Two other packs in the state overlap where the caribou might hang out in the US in winter, high in the mountains of northern Pend Oreille County, supping on lichen.


BC will also target wolves roaming the range of another herd of the super-rare caribou, in the Peace River area.

Managers say that both actions conform with a wolf management plan adopted last year.

31 thoughts on “BC To Remove Up To 24 Wolves To Save Selkirk Caribou”

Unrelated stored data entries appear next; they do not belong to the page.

(* For any polynomial $f(\rho)$ of degree $d$ there exists a linear map $\mathcal{N}$ such that $\mathcal{N}(\rho^{\otimes d})=f(\rho)$. If $f$ is Hermitian-preserving and $f(\mathbf{1})\propto\mathbf{1}$, then $\mathcal{N}$ can also be chosen Hermitian-preserving with $\mathcal{N}(\mathbf{1}^{\otimes d})\propto\mathbf{1}$.
   Context: A polynomial of degree $d$ in the (density) operator $\rho$ on a finite-dimensional Hilbert space means a finite sum $f(\rho)=\sum_j A^{(j)}_{s_j}\rho A^{(j)}_{s_j-1}\rho\cdots A^{(j)}_1\rho A^{(j)}_0$ with fixed operator coefficients $A_i^{(j)}$ and $s_j\le d$. *)

(* Operators on the Hilbert space C^n are n x n matrices over
   an algebraically closed numeric field C (e.g. algC, or complex R). *)
From HB Require Import structures.
From mathcomp Require Import all_boot all_order all_algebra.
From mathcomp Require Import mxtens.
Set Implicit Arguments. Unset Strict Implicit. Unset Printing Implicit Defensive.
Import Order.TTheory GRing.Theory Num.Theory.
Local Open Scope ring_scope.

Section Defs.
Variable C : numClosedFieldType.

Definition adjmx m n (A : 'M[C]_(m, n)) : 'M[C]_(n, m) := (map_mx Num.conj A)^T.

Definition hermitian_op n (A : 'M[C]_n) : Prop := adjmx A = A.

Definition psd n (A : 'M[C]_n) : Prop :=
  hermitian_op A /\ forall v : 'cV[C]_n, 0 <= (adjmx v *m A *m v) 0 0.

Definition density n (rho : 'M[C]_n) : Prop := psd rho /\ \tr rho = 1.

(* A monomial term  A_s rho A_{s-1} rho ... A_1 rho A_0  is encoded by the pair
   (A_0, [:: A_1; ...; A_s]); its degree s is the length of the list. *)
Definition term n := ('M[C]_n * seq 'M[C]_n)%type.

Definition term_deg n (t : term n) : nat := size t.2.

Definition term_eval n (t : term n) (rho : 'M[C]_n) : 'M[C]_n :=
  foldl (fun acc A => A *m rho *m acc) t.1 t.2.

Definition poly_eval n (f : seq (term n)) (rho : 'M[C]_n) : 'M[C]_n :=
  \sum_(t <- f) term_eval t rho.

Definition poly_deg_le n (f : seq (term n)) (d : nat) : Prop :=
  all (fun t => term_deg t <= d)%N f.

Definition tpow n (rho : 'M[C]_n) (d : nat) : 'M[C]_(n ^ d) := ntensmx rho d.

End Defs.

From HB Require Import structures.
From mathcomp Require Import all_boot all_order all_algebra mxtens.
Import Order.TTheory GRing.Theory Num.Theory.
Local Open Scope ring_scope.
Set Implicit Arguments. Unset Strict Implicit. Unset Printing Implicit Defensive.

(** Each monomial [A_s rho ... A_1 rho A_0] arises from the constant [A_0] by
   repeating [g |-> (rho |-> A rho g(rho))], and on trace-one [rho] the degree
   can be padded by [g(rho) = tr(rho) g(rho)].  Both steps are bilinear in
   [(rho, g(rho))], so by the universal property of the tensor product a linear
   map sending [rho^(x)k] to [g(rho)] yields one sending [rho^(x)(k+1)] to the
   new value.  For the second part, replace [N] by its Hermitian part
   [(N + (.)^dag o N o (.)^dag) / 2]: it still realizes [f] since both
   [rho^(x)d] and [f(rho)] are Hermitian, and it maps
   [1^(x)d = n^d (1/n)^(x)d] to [n^d f(1/n)], a multiple of [1]. *)

Lemma exists_linear (R : pzRingType) (U V : lmodType R) (f : U -> V) :
  linear f -> exists L : {linear U -> V}, L =1 f.
Proof.
move=> lin_f.
pose L : {linear U -> V} := HB.pack f (GRing.isLinear.Build _ _ _ _ f lin_f).
by exists L.
Qed.

Section TensorLift.
Variables (R : pzRingType) (m1 n1 m2 n2 : nat).

Definition tens_block (i : 'I_m1) (j : 'I_n1) (X : 'M[R]_(m1 * m2, n1 * n2)) :
    'M[R]_(m2, n2) :=
  \matrix_(k, l) X (mxtens_index (i, k)) (mxtens_index (j, l)).

Lemma tens_block_is_linear i j : linear (tens_block i j).
Proof. by move=> a X Y; apply/matrixP => k l; rewrite !mxE. Qed.

HB.instance Definition _ i j :=
  GRing.isLinear.Build R _ _ _ (tens_block i j) (tens_block_is_linear i j).

Lemma tens_block_tensmx i j (A : 'M[R]_(m1, n1)) (B : 'M[R]_(m2, n2)) :
  tens_block i j (A *t B) = A i j *: B.
Proof. by apply/matrixP => k l; rewrite [LHS]mxE tensmxE mxE. Qed.

Lemma tensmx_lift p q (F : 'M[R]_(m1, n1) -> 'M[R]_(m2, n2) -> 'M[R]_(p, q)) :
    (forall B, linear (F^~ B)) -> (forall A, linear (F A)) ->
  exists L : {linear 'M[R]_(m1 * m2, n1 * n2) -> 'M[R]_(p, q)},
    forall A B, L (A *t B) = F A B.
Proof.
move=> linFl linFr.
pose L X := \sum_i \sum_j F (delta_mx i j) (tens_block i j X).
have linL : linear L.
  move=> a X Y; rewrite /L scaler_sumr -big_split; apply: eq_bigr => i _.
  rewrite scaler_sumr -big_split; apply: eq_bigr => j _.
  by rewrite linearP linFr.
have [N NE] := exists_linear linL; exists N => A B.
have [G GE] := exists_linear (linFl B).
rewrite NE -GE {2}(matrix_sum_delta A) linear_sum; apply: eq_bigr => i _.
rewrite linear_sum; apply: eq_bigr => j _.
by rewrite tens_block_tensmx (scalable_linear (linFr _)) linearZ GE.
Qed.

End TensorLift.

Section TensorScale.
Variable R : comPzRingType.

Lemma tensmxZl m1 n1 m2 n2 c (A : 'M[R]_(m1, n1)) (B : 'M[R]_(m2, n2)) :
  (c *: A) *t B = c *: (A *t B).
Proof. by apply/matrixP => i j; rewrite !mxE mulrA. Qed.

Lemma tensmxZr m1 n1 m2 n2 c (A : 'M[R]_(m1, n1)) (B : 'M[R]_(m2, n2)) :
  A *t (c *: B) = c *: (A *t B).
Proof. by apply/matrixP => i j; rewrite !mxE mulrCA. Qed.

Lemma ntensmxZ m n c (A : 'M[R]_(m, n)) d : (c *: A) ^t d = c ^+ d *: A ^t d.
Proof.
case: d => [|d]; first by rewrite expr0 scale1r.
elim: d => [|d IH]; first by rewrite expr1.
by rewrite !ntensmxSS IH tensmxZr tensmxZl scalerA -exprSr.
Qed.

End TensorScale.

Section Realizable.
Variables (R : comPzRingType) (n : nat).

Definition realizable k (g : 'M[R]_n -> 'M[R]_n) :=
  exists N : {linear 'M[R]_(n ^ k) -> 'M[R]_n},
    forall rho, \tr rho = 1 -> N (rho ^t k) = g rho.

Lemma eq_realizable k g1 g2 :
    (forall rho, \tr rho = 1 -> g1 rho = g2 rho) ->
  realizable k g1 -> realizable k g2.
Proof. by move=> eq_g [N NE]; exists N => rho rho1; rewrite NE ?eq_g. Qed.

Lemma realizable_const A : realizable 0 (fun=> A).
Proof.
have lin : linear (fun X : 'M[R]_(n ^ 0) => X 0 0 *: A).
  by move=> a X Y; rewrite !mxE scalerDl scalerA.
have [N NE] := exists_linear lin.
by exists N => rho _; rewrite NE ntensmx0 mxE scale1r.
Qed.

Lemma realizable_add k g1 g2 :
  realizable k g1 -> realizable k g2 -> realizable k (g1 \+ g2).
Proof.
by move=> [N1 N1E] [N2 N2E]; exists (N1 \+ N2) => rho rho1 /=; rewrite N1E ?N2E.
Qed.

Lemma realizable_bilinear k g (F : 'M[R]_n -> 'M[R]_n -> 'M[R]_n) :
    (forall Y, linear (F^~ Y)) -> (forall B, linear (F B)) ->
  realizable k g -> realizable k.+1 (fun rho => F rho (g rho)).
Proof.
move=> linFl linFr; case: k => [|k] [N NE].
  (* [rho ^t 1] is [rho] itself, not [rho *t rho ^t 0] (of size [n * 1]). *)
  have [L LE] := exists_linear (linFl (N 1)).
  by exists L => rho rho1; rewrite ntensmx1 LE -NE.
have linNr B : linear (fun Y => F B (N Y)).
  by move=> a X Y; rewrite linearP linFr.
have [L LE] := tensmx_lift (fun Y : 'M_(n ^ k.+1) => linFl (N Y)) linNr.
by exists L => rho rho1; rewrite ntensmxSS LE NE.
Qed.

Lemma realizable_mul k g A :
  realizable k g -> realizable k.+1 (fun rho => A *m rho *m g rho).
Proof.
apply: (realizable_bilinear (F := fun B Y => A *m B *m Y)) => [Y | B] a X X'.
  by rewrite mulmxDr mulmxDl -scalemxAr -scalemxAl.
by rewrite mulmxDr -scalemxAr.
Qed.

Lemma realizable_raise k g : realizable k g -> realizable k.+1 g.
Proof.
move=> gk; apply: (eq_realizable (g1 := fun rho => \tr rho *: g rho)).
  by move=> rho ->; rewrite scale1r.
apply: (realizable_bilinear (F := fun B Y => \tr B *: Y)) gk => [Y | B] a X X'.
  by rewrite linearP scalerDl scalerA.
by rewrite scalerDr !scalerA mulrC.
Qed.

Lemma realizable_le k d g : (k <= d)%N -> realizable k g -> realizable d g.
Proof.
move=> /subnK <-; elim: (d - k)%N => [//|i IH] gk.
exact/realizable_raise/IH.
Qed.

Lemma realizable_foldl k g (s : seq 'M[R]_n) :
    realizable k g ->
  realizable (k + size s)
    (fun rho => foldl (fun acc A => A *m rho *m acc) (g rho) s).
Proof.
elim: s k g => [|A s IH] k g gk /=; first by rewrite addn0.
by rewrite addnS -addSn; apply: IH; apply: realizable_mul.
Qed.

End Realizable.

Section Polynomial.
Variables (C : numClosedFieldType) (n : nat).

Lemma realizable_term (t : term C n) : realizable (term_deg t) (term_eval t).
Proof. by case: t => A s; exact: realizable_foldl s (realizable_const A). Qed.

Lemma realizable_poly (f : seq (term C n)) d :
  poly_deg_le f d -> realizable d (poly_eval f).
Proof.
rewrite /poly_deg_le /poly_eval; elim: f => [_ | t f IH /= /andP[t_le f_le]].
  have zero_d := realizable_le (leq0n d) (realizable_const (0 : 'M[C]_n)).
  by apply: eq_realizable zero_d => rho _; rewrite big_nil.
have t_d := realizable_le t_le (realizable_term t).
apply: eq_realizable (realizable_add t_d (IH f_le)).
by move=> rho _; rewrite big_cons.
Qed.

End Polynomial.

Section Adjoint.
Variable C : numClosedFieldType.

Lemma adjmxK m p (A : 'M[C]_(m, p)) : adjmx (adjmx A) = A.
Proof. by apply/matrixP => i j; rewrite !mxE conjCK. Qed.

Lemma adjmxD m p (A B : 'M[C]_(m, p)) : adjmx (A + B) = adjmx A + adjmx B.
Proof. by apply/matrixP => i j; rewrite !mxE rmorphD. Qed.

Lemma adjmxZ m p a (A : 'M[C]_(m, p)) : adjmx (a *: A) = a^* *: adjmx A.
Proof. by apply/matrixP => i j; rewrite !mxE rmorphM. Qed.

Lemma adjmx1 m : adjmx (1%:M : 'M[C]_m) = 1%:M.
Proof. by rewrite /adjmx map_mx1 trmx1. Qed.

Lemma adjmx_tens m1 n1 m2 n2 (A : 'M[C]_(m1, n1)) (B : 'M[C]_(m2, n2)) :
  adjmx (A *t B) = adjmx A *t adjmx B.
Proof. by rewrite /adjmx map_mxT trmx_tens. Qed.

Lemma hermitian_ntensmx n (rho : 'M[C]_n) d :
  hermitian_op rho -> hermitian_op (rho ^t d).
Proof.
rewrite /hermitian_op => rhoH; case: d => [|d]; first exact: adjmx1.
by elim: d => [//|d IH]; rewrite ntensmxSS adjmx_tens rhoH IH.
Qed.

Lemma adjmx_mul_ge0 n (v : 'cV[C]_n) : 0 <= (adjmx v *m v) 0 0.
Proof. by rewrite mxE sumr_ge0 // => i _; rewrite !mxE mulrC mul_conjC_ge0. Qed.

Lemma density_maximally_mixed n :
  (0 < n)%N -> density (n%:R^-1 *: (1 : 'M[C]_n)).
Proof.
move=> n_gt0; have nC_neq0 : (n%:R : C) != 0 by rewrite pnatr_eq0 -lt0n.
split; last by rewrite mxtraceZ mxtrace1 mulVf.
split; first by rewrite /hermitian_op adjmxZ adjmx1 fmorphV rmorph_nat.
move=> v; rewrite -scalemxAr -scalemxAl mulmx1 mxE.
by rewrite mulr_ge0 ?adjmx_mul_ge0 // invr_ge0 ler0n.
Qed.

Lemma hermitian_part_linear m p (N : {linear 'M[C]_m -> 'M[C]_p}) :
  exists N' : {linear 'M[C]_m -> 'M[C]_p},
    (forall X, hermitian_op X -> hermitian_op (N' X)) /\
    (forall X, hermitian_op X -> hermitian_op (N X) -> N' X = N X).
Proof.
pose N' X := 2^-1 *: (N X + adjmx (N (adjmx X))).
have lin : linear N'.
  move=> a X Y; rewrite /N' adjmxD adjmxZ !linearP adjmxD !adjmxZ conjCK.
  by rewrite addrACA !scalerDr !scalerA [a * _]mulrC.
have two_neq0 : (2 : C) != 0 by rewrite pnatr_eq0.
have [L LE] := exists_linear lin; exists L; split => X XH; rewrite LE /N' XH.
  by rewrite /hermitian_op adjmxZ adjmxD adjmxK fmorphV rmorph_nat addrC.
by move=> NXH; rewrite NXH -mulr2n -scaler_nat scalerA mulVf ?scale1r.
Qed.

End Adjoint.

Lemma realized_ntensmx1_scalar (C : numClosedFieldType) n d
    (g : 'M[C]_n -> 'M[C]_n) (N : {linear 'M[C]_(n ^ d) -> 'M[C]_n}) (c : C) :
    (forall rho, density rho -> N (rho ^t d) = g rho) ->
    g (n%:R^-1 *: (1 : 'M[C]_n)) = c *: (1 : 'M[C]_n) ->
  exists c', N ((1 : 'M[C]_n) ^t d) = c' *: (1 : 'M[C]_n).
Proof.
case: n g N => [|n] g N Ng gc; first by exists 0; apply/matrixP => -[].
have nC_neq0 : (n.+1%:R : C) != 0 by rewrite pnatr_eq0.
have one_mixed : (1 : 'M[C]_n.+1) = n.+1%:R *: (n.+1%:R^-1 *: 1).
  by rewrite scalerA divff ?scale1r.
exists (n.+1%:R ^+ d * c).
rewrite {1}one_mixed ntensmxZ linearZ /= Ng.
  by move: gc => ->; rewrite scalerA.
exact: density_maximally_mixed.
Qed.

Theorem lemma2 (C : numClosedFieldType) (n d : nat) (f : seq (term C n)) :
  poly_deg_le f d ->
  (* part 1 *)
  (exists N : {linear 'M[C]_(n ^ d) -> 'M[C]_n},
     forall rho : 'M[C]_n, density rho -> N (tpow rho d) = poly_eval f rho) /\
  (* part 2 *)
  ((forall X : 'M[C]_n, hermitian_op X -> hermitian_op (poly_eval f X)) ->
   (exists c : C, poly_eval f (n%:R^-1 *: (1 : 'M[C]_n)) = c *: (1 : 'M[C]_n)) ->
   exists N : {linear 'M[C]_(n ^ d) -> 'M[C]_n},
     (forall rho : 'M[C]_n, density rho -> N (tpow rho d) = poly_eval f rho) /\
     (forall X : 'M[C]_(n ^ d), hermitian_op X -> hermitian_op (N X)) /\
     (exists c : C, N (tpow (1 : 'M[C]_n) d) = c *: (1 : 'M[C]_n))).
Proof.
move=> f_le; have [N NE] := realizable_poly f_le.
split; first by exists N => rho [_]; apply: NE.
move=> f_herm [c fc]; have [N' [N'_herm N'E]] := hermitian_part_linear N.
have N'_density rho : density rho -> N' (tpow rho d) = poly_eval f rho.
  move=> [[rhoH _] rho1].
  by rewrite N'E ?NE //; [exact: hermitian_ntensmx d rhoH | apply: f_herm].
exists N'; split=> //; split=> //.
exact: realized_ntensmx1_scalar N'_density fc.
Qed.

  1. As a sportsmen and conservationist I find this as a reality check to those who think wolves are doing our big game herds any justice . Not only do wolves kill , they also cause major stress to our big game herds . How can anyone disagree with this ? It also has a major impact on female elk and deer who are now pregnant with calves and fawns and when they are most venerable over the winter months . You have my support to kill them all !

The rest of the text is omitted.